Task
Transcribe each record as written.
*-*-*
(* Let $X$ be an extremally disconnected topological space in which every $\Lambda$-set is open, and let $g,f:X\to\mathbb{R}$ be functions such that $f$ is lower semi-contra-continuous, $g$ is upper semi-contra-continuous, and $g\le f$. Then there exists a contra-continuous function $h:X\to\mathbb{R}$ such that $g\le h\le f$.
   Context: A $\Lambda$-set in $X$ is an intersection of open sets. A function $f:X\to\mathbb{R}$ is upper semi-contra-continuous (resp. lower semi-contra-continuous) if $f^{-1}(-\infty,t)$ (resp. $f^{-1}(t,+\infty)$) is closed in $X$ for every real $t$. A function $h:X\to\mathbb{R}$ is contra-continuous if the preimage of every open subset of $\mathbb{R}$ is closed in $X$. $g\le f$ means $g(x)\le f(x)$ for all $x\in X$. *)

From HB Require Import structures.
From mathcomp Require Import all_boot all_order all_algebra.
From mathcomp Require Import all_classical all_reals all_analysis.
Set Implicit Arguments. Unset Strict Implicit. Unset Printing Implicit Defensive.
Import Order.TTheory GRing.Theory Num.Theory.
Import numFieldNormedType.Exports.
Local Open Scope classical_set_scope.
Local Open Scope ring_scope.

Definition extremally_disconnected (X : topologicalType) : Prop :=
  forall U : set X, open U -> open (closure U).

Definition Lambda_set (X : topologicalType) (A : set X) : Prop :=
  exists (I : Type) (F : I -> set X),
    (forall i, open (F i)) /\ A = \bigcap_(i in [set: I]) F i.

Definition upper_semi_contra_continuous (X : topologicalType) (R : realType)
  (f : X -> R) : Prop :=
  forall t : R, closed (f @^-1` [set x | x < t]).

Definition lower_semi_contra_continuous (X : topologicalType) (R : realType)
  (f : X -> R) : Prop :=
  forall t : R, closed (f @^-1` [set x | t < x]).

Definition contra_continuous (X : topologicalType) (R : realType)
  (h : X -> R) : Prop :=
  forall U : set R, open U -> closed (h @^-1` U).

(* Since every Lambda-set is open, the kernel of a point x (the intersection of its open
   neighbourhoods) is open, and a set is closed exactly when it is downward closed for the
   specialization preorder x <= y ("every open set containing x contains y").  Hence g
   increases and f decreases along this preorder.  The closure of the kernel of x is the set
   of points sharing an upper bound with x; by extremal disconnectedness it is open, and
   these sets partition X.  The function h x := sup of g over the block of x is therefore
   invariant along the preorder, hence contra-continuous, and g w <= g z <= f z <= f x for w, x in a block with
   common upper bound z gives g <= h <= f. *)
From HB Require Import structures.
From mathcomp Require Import all_boot all_order all_algebra.
From mathcomp Require Import all_classical all_reals all_analysis.
Import Order.TTheory GRing.Theory Num.Theory.
Import numFieldNormedType.Exports.
Local Open Scope classical_set_scope.
Local Open Scope ring_scope.
Set Implicit Arguments. Unset Strict Implicit.

Section Specialization.
Variable X : topologicalType.

Definition spec_le (x y : X) : Prop := forall U : set X, open U -> U x -> U y.

Definition joinable (x : X) : set X := [set w | exists z, spec_le x z /\ spec_le w z].

Lemma spec_le_refl (x : X) : spec_le x x.
Proof. by []. Qed.

Lemma spec_le_trans (x y z : X) : spec_le x y -> spec_le y z -> spec_le x z.
Proof. by move=> hxy hyz U oU Ux; apply: hyz => //; apply: hxy. Qed.

Lemma joinable_refl (x : X) : joinable x x.
Proof. by exists x; split; apply: spec_le_refl. Qed.

Lemma closed_spec_le (C : set X) (x y : X) : closed C -> spec_le x y -> C y -> C x.
Proof.
move=> cC hxy Cy; apply: cC => B; rewrite nbhsE => -[V [oV Vx] VB].
by exists y; split => //; apply: VB; apply: hxy.
Qed.

Hypothesis Lambda_open : forall A : set X, Lambda_set A -> open A.

Lemma open_spec_ge (x : X) : open [set y | spec_le x y].
Proof.
apply: Lambda_open.
exists {U : set X | open U /\ U x}, (fun U => sval U); split.
  by move=> [U []].
apply/seteqP; split=> [y hy [U [oU Ux]] _ | y hy U oU Ux]; first exact: hy.
exact: (hy (exist _ U (conj oU Ux))).
Qed.

Lemma spec_ge_meets_closure (A : set X) (w : X) :
  closure A w -> exists2 z, A z & spec_le w z.
Proof.
move=> clAw; have [z [Az wz]] : A `&` [set y | spec_le w y] !=set0.
  by apply: clAw; apply: open_nbhs_nbhs; split; [exact: open_spec_ge | exact: spec_le_refl].
by exists z.
Qed.

Lemma closed_spec_down (C : set X) :
  (forall x y, spec_le x y -> C y -> C x) -> closed C.
Proof.
by move=> Cdown w /spec_ge_meets_closure[z Cz wz]; apply: Cdown wz Cz.
Qed.

Lemma joinable_closure (x : X) : joinable x = closure [set y | spec_le x y].
Proof.
apply/seteqP; split=> [w [z [xz wz]] B | w /spec_ge_meets_closure[z xz wz]].
  rewrite nbhsE => -[V [oV Vw] VB].
  by exists z; split => //; apply: VB; apply: wz.
by exists z.
Qed.

Hypothesis extremal : extremally_disconnected X.

Lemma open_joinable (x : X) : open (joinable x).
Proof. by rewrite joinable_closure; apply: extremal; apply: open_spec_ge. Qed.

Lemma joinable_sub (x y : X) : joinable x y -> joinable y `<=` joinable x.
Proof.
move=> xy w [z [yz wz]].
have [z' [xz' zz']] : joinable x z by apply: yz xy; apply: open_joinable.
by exists z'; split => //; apply: spec_le_trans wz zz'.
Qed.

Lemma joinable_spec_le (x y : X) : spec_le x y -> joinable y = joinable x.
Proof.
by move=> xy; apply/seteqP; split; apply: joinable_sub; exists y;
  split => //; apply: spec_le_refl.
Qed.

End Specialization.

Section SemiContraContinuity.
Variables (R : realType) (X : topologicalType).

Lemma lower_semi_contra_continuous_spec_le (f : X -> R) (x y : X) :
  lower_semi_contra_continuous f -> spec_le x y -> f y <= f x.
Proof.
move=> hf xy; rewrite leNgt; apply/negP => /(closed_spec_le (hf (f x)) xy).
by rewrite /= ltxx.
Qed.

Lemma upper_semi_contra_continuous_spec_le (g : X -> R) (x y : X) :
  upper_semi_contra_continuous g -> spec_le x y -> g x <= g y.
Proof.
move=> hg xy; rewrite leNgt; apply/negP => /(closed_spec_le (hg (g x)) xy).
by rewrite /= ltxx.
Qed.

Lemma spec_invariant_contra_continuous (h : X -> R) :
  (forall A : set X, Lambda_set A -> open A) ->
  (forall x y, spec_le x y -> h x = h y) -> contra_continuous h.
Proof.
move=> hL hinv U _; apply: (closed_spec_down hL) => x y /hinv xy.
by rewrite /= xy.
Qed.

End SemiContraContinuity.

Theorem corollary1 (R : realType) (X : topologicalType)
  (hX : extremally_disconnected X)
  (hL : forall A : set X, Lambda_set A -> open A)
  (g f : X -> R)
  (hf : lower_semi_contra_continuous f)
  (hg : upper_semi_contra_continuous g)
  (hgf : forall x, g x <= f x) :
  exists h : X -> R, contra_continuous h /\ (forall x, g x <= h x /\ h x <= f x).
Proof.
have ub x : ubound (g @` joinable x) (f x).
  move=> _ [w [z [xz wz]] <-].
  apply: le_trans (upper_semi_contra_continuous_spec_le hg wz) _.
  exact: le_trans (hgf z) (lower_semi_contra_continuous_spec_le hf xz).
have gx_in x : (g @` joinable x) (g x) by exists x; first exact: joinable_refl.
exists (fun x => sup (g @` joinable x)); split.
  apply: spec_invariant_contra_continuous => // x y xy.
  by rewrite (joinable_spec_le hL hX xy).
move=> x; split; first by apply: ub_le_sup (gx_in x); exists (f x).
by apply: ge_sup (ub x); exists (g x).
Qed.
*-*-*
Solution to this task
(* Let $X$ be an extremally disconnected topological space in which every $\Lambda$-set is open, and let $g,f:X\to\mathbb{R}$ be functions such that $f$ is lower semi-contra-continuous, $g$ is upper semi-contra-continuous, and $g\le f$. Then there exists a contra-continuous function $h:X\to\mathbb{R}$ such that $g\le h\le f$.
   Context: A $\Lambda$-set in $X$ is an intersection of open sets. A function $f:X\to\mathbb{R}$ is upper semi-contra-continuous (resp. lower semi-contra-continuous) if $f^{-1}(-\infty,t)$ (resp. $f^{-1}(t,+\infty)$) is closed in $X$ for every real $t$. A function $h:X\to\mathbb{R}$ is contra-continuous if the preimage of every open subset of $\mathbb{R}$ is closed in $X$. $g\le f$ means $g(x)\le f(x)$ for all $x\in X$. *)

From HB Require Import structures.
From mathcomp Require Import all_boot all_order all_algebra.
From mathcomp Require Import all_classical all_reals all_analysis.
Set Implicit Arguments. Unset Strict Implicit. Unset Printing Implicit Defensive.
Import Order.TTheory GRing.Theory Num.Theory.
Import numFieldNormedType.Exports.
Local Open Scope classical_set_scope.
Local Open Scope ring_scope.

Definition extremally_disconnected (X : topologicalType) : Prop :=
  forall U : set X, open U -> open (closure U).

Definition Lambda_set (X : topologicalType) (A : set X) : Prop :=
  exists (I : Type) (F : I -> set X),
    (forall i, open (F i)) /\ A = \bigcap_(i in [set: I]) F i.

Definition upper_semi_contra_continuous (X : topologicalType) (R : realType)
  (f : X -> R) : Prop :=
  forall t : R, closed (f @^-1` [set x | x < t]).

Definition lower_semi_contra_continuous (X : topologicalType) (R : realType)
  (f : X -> R) : Prop :=
  forall t : R, closed (f @^-1` [set x | t < x]).

Definition contra_continuous (X : topologicalType) (R : realType)
  (h : X -> R) : Prop :=
  forall U : set R, open U -> closed (h @^-1` U).

(* Since every Lambda-set is open, the kernel of a point x (the intersection of its open
   neighbourhoods) is open, and a set is closed exactly when it is downward closed for the
   specialization preorder x <= y ("every open set containing x contains y").  Hence g
   increases and f decreases along this preorder.  The closure of the kernel of x is the set
   of points sharing an upper bound with x; by extremal disconnectedness it is open, and
   these sets partition X.  The function h x := sup of g over the block of x is therefore
   invariant along the preorder, hence contra-continuous, and g w <= g z <= f z <= f x for w, x in a block with
   common upper bound z gives g <= h <= f. *)
From HB Require Import structures.
From mathcomp Require Import all_boot all_order all_algebra.
From mathcomp Require Import all_classical all_reals all_analysis.
Import Order.TTheory GRing.Theory Num.Theory.
Import numFieldNormedType.Exports.
Local Open Scope classical_set_scope.
Local Open Scope ring_scope.
Set Implicit Arguments. Unset Strict Implicit.

Section Specialization.
Variable X : topologicalType.

Definition spec_le (x y : X) : Prop := forall U : set X, open U -> U x -> U y.

Definition joinable (x : X) : set X := [set w | exists z, spec_le x z /\ spec_le w z].

Lemma spec_le_refl (x : X) : spec_le x x.
Proof. by []. Qed.

Lemma spec_le_trans (x y z : X) : spec_le x y -> spec_le y z -> spec_le x z.
Proof. by move=> hxy hyz U oU Ux; apply: hyz => //; apply: hxy. Qed.

Lemma joinable_refl (x : X) : joinable x x.
Proof. by exists x; split; apply: spec_le_refl. Qed.

Lemma closed_spec_le (C : set X) (x y : X) : closed C -> spec_le x y -> C y -> C x.
Proof.
move=> cC hxy Cy; apply: cC => B; rewrite nbhsE => -[V [oV Vx] VB].
by exists y; split => //; apply: VB; apply: hxy.
Qed.

Hypothesis Lambda_open : forall A : set X, Lambda_set A -> open A.

Lemma open_spec_ge (x : X) : open [set y | spec_le x y].
Proof.
apply: Lambda_open.
exists {U : set X | open U /\ U x}, (fun U => sval U); split.
  by move=> [U []].
apply/seteqP; split=> [y hy [U [oU Ux]] _ | y hy U oU Ux]; first exact: hy.
exact: (hy (exist _ U (conj oU Ux))).
Qed.

Lemma spec_ge_meets_closure (A : set X) (w : X) :
  closure A w -> exists2 z, A z & spec_le w z.
Proof.
move=> clAw; have [z [Az wz]] : A `&` [set y | spec_le w y] !=set0.
  by apply: clAw; apply: open_nbhs_nbhs; split; [exact: open_spec_ge | exact: spec_le_refl].
by exists z.
Qed.

Lemma closed_spec_down (C : set X) :
  (forall x y, spec_le x y -> C y -> C x) -> closed C.
Proof.
by move=> Cdown w /spec_ge_meets_closure[z Cz wz]; apply: Cdown wz Cz.
Qed.

Lemma joinable_closure (x : X) : joinable x = closure [set y | spec_le x y].
Proof.
apply/seteqP; split=> [w [z [xz wz]] B | w /spec_ge_meets_closure[z xz wz]].
  rewrite nbhsE => -[V [oV Vw] VB].
  by exists z; split => //; apply: VB; apply: wz.
by exists z.
Qed.

Hypothesis extremal : extremally_disconnected X.

Lemma open_joinable (x : X) : open (joinable x).
Proof. by rewrite joinable_closure; apply: extremal; apply: open_spec_ge. Qed.

Lemma joinable_sub (x y : X) : joinable x y -> joinable y `<=` joinable x.
Proof.
move=> xy w [z [yz wz]].
have [z' [xz' zz']] : joinable x z by apply: yz xy; apply: open_joinable.
by exists z'; split => //; apply: spec_le_trans wz zz'.
Qed.

Lemma joinable_spec_le (x y : X) : spec_le x y -> joinable y = joinable x.
Proof.
by move=> xy; apply/seteqP; split; apply: joinable_sub; exists y;
  split => //; apply: spec_le_refl.
Qed.

End Specialization.

Section SemiContraContinuity.
Variables (R : realType) (X : topologicalType).

Lemma lower_semi_contra_continuous_spec_le (f : X -> R) (x y : X) :
  lower_semi_contra_continuous f -> spec_le x y -> f y <= f x.
Proof.
move=> hf xy; rewrite leNgt; apply/negP => /(closed_spec_le (hf (f x)) xy).
by rewrite /= ltxx.
Qed.

Lemma upper_semi_contra_continuous_spec_le (g : X -> R) (x y : X) :
  upper_semi_contra_continuous g -> spec_le x y -> g x <= g y.
Proof.
move=> hg xy; rewrite leNgt; apply/negP => /(closed_spec_le (hg (g x)) xy).
by rewrite /= ltxx.
Qed.

Lemma spec_invariant_contra_continuous (h : X -> R) :
  (forall A : set X, Lambda_set A -> open A) ->
  (forall x y, spec_le x y -> h x = h y) -> contra_continuous h.
Proof.
move=> hL hinv U _; apply: (closed_spec_down hL) => x y /hinv xy.
by rewrite /= xy.
Qed.

End SemiContraContinuity.

Theorem corollary1 (R : realType) (X : topologicalType)
  (hX : extremally_disconnected X)
  (hL : forall A : set X, Lambda_set A -> open A)
  (g f : X -> R)
  (hf : lower_semi_contra_continuous f)
  (hg : upper_semi_contra_continuous g)
  (hgf : forall x, g x <= f x) :
  exists h : X -> R, contra_continuous h /\ (forall x, g x <= h x /\ h x <= f x).
Proof.
have ub x : ubound (g @` joinable x) (f x).
  move=> _ [w [z [xz wz]] <-].
  apply: le_trans (upper_semi_contra_continuous_spec_le hg wz) _.
  exact: le_trans (hgf z) (lower_semi_contra_continuous_spec_le hf xz).
have gx_in x : (g @` joinable x) (g x) by exists x; first exact: joinable_refl.
exists (fun x => sup (g @` joinable x)); split.
  apply: spec_invariant_contra_continuous => // x y xy.
  by rewrite (joinable_spec_le hL hX xy).
move=> x; split; first by apply: ub_le_sup (gx_in x); exists (f x).
by apply: ge_sup (ub x); exists (g x).
Qed.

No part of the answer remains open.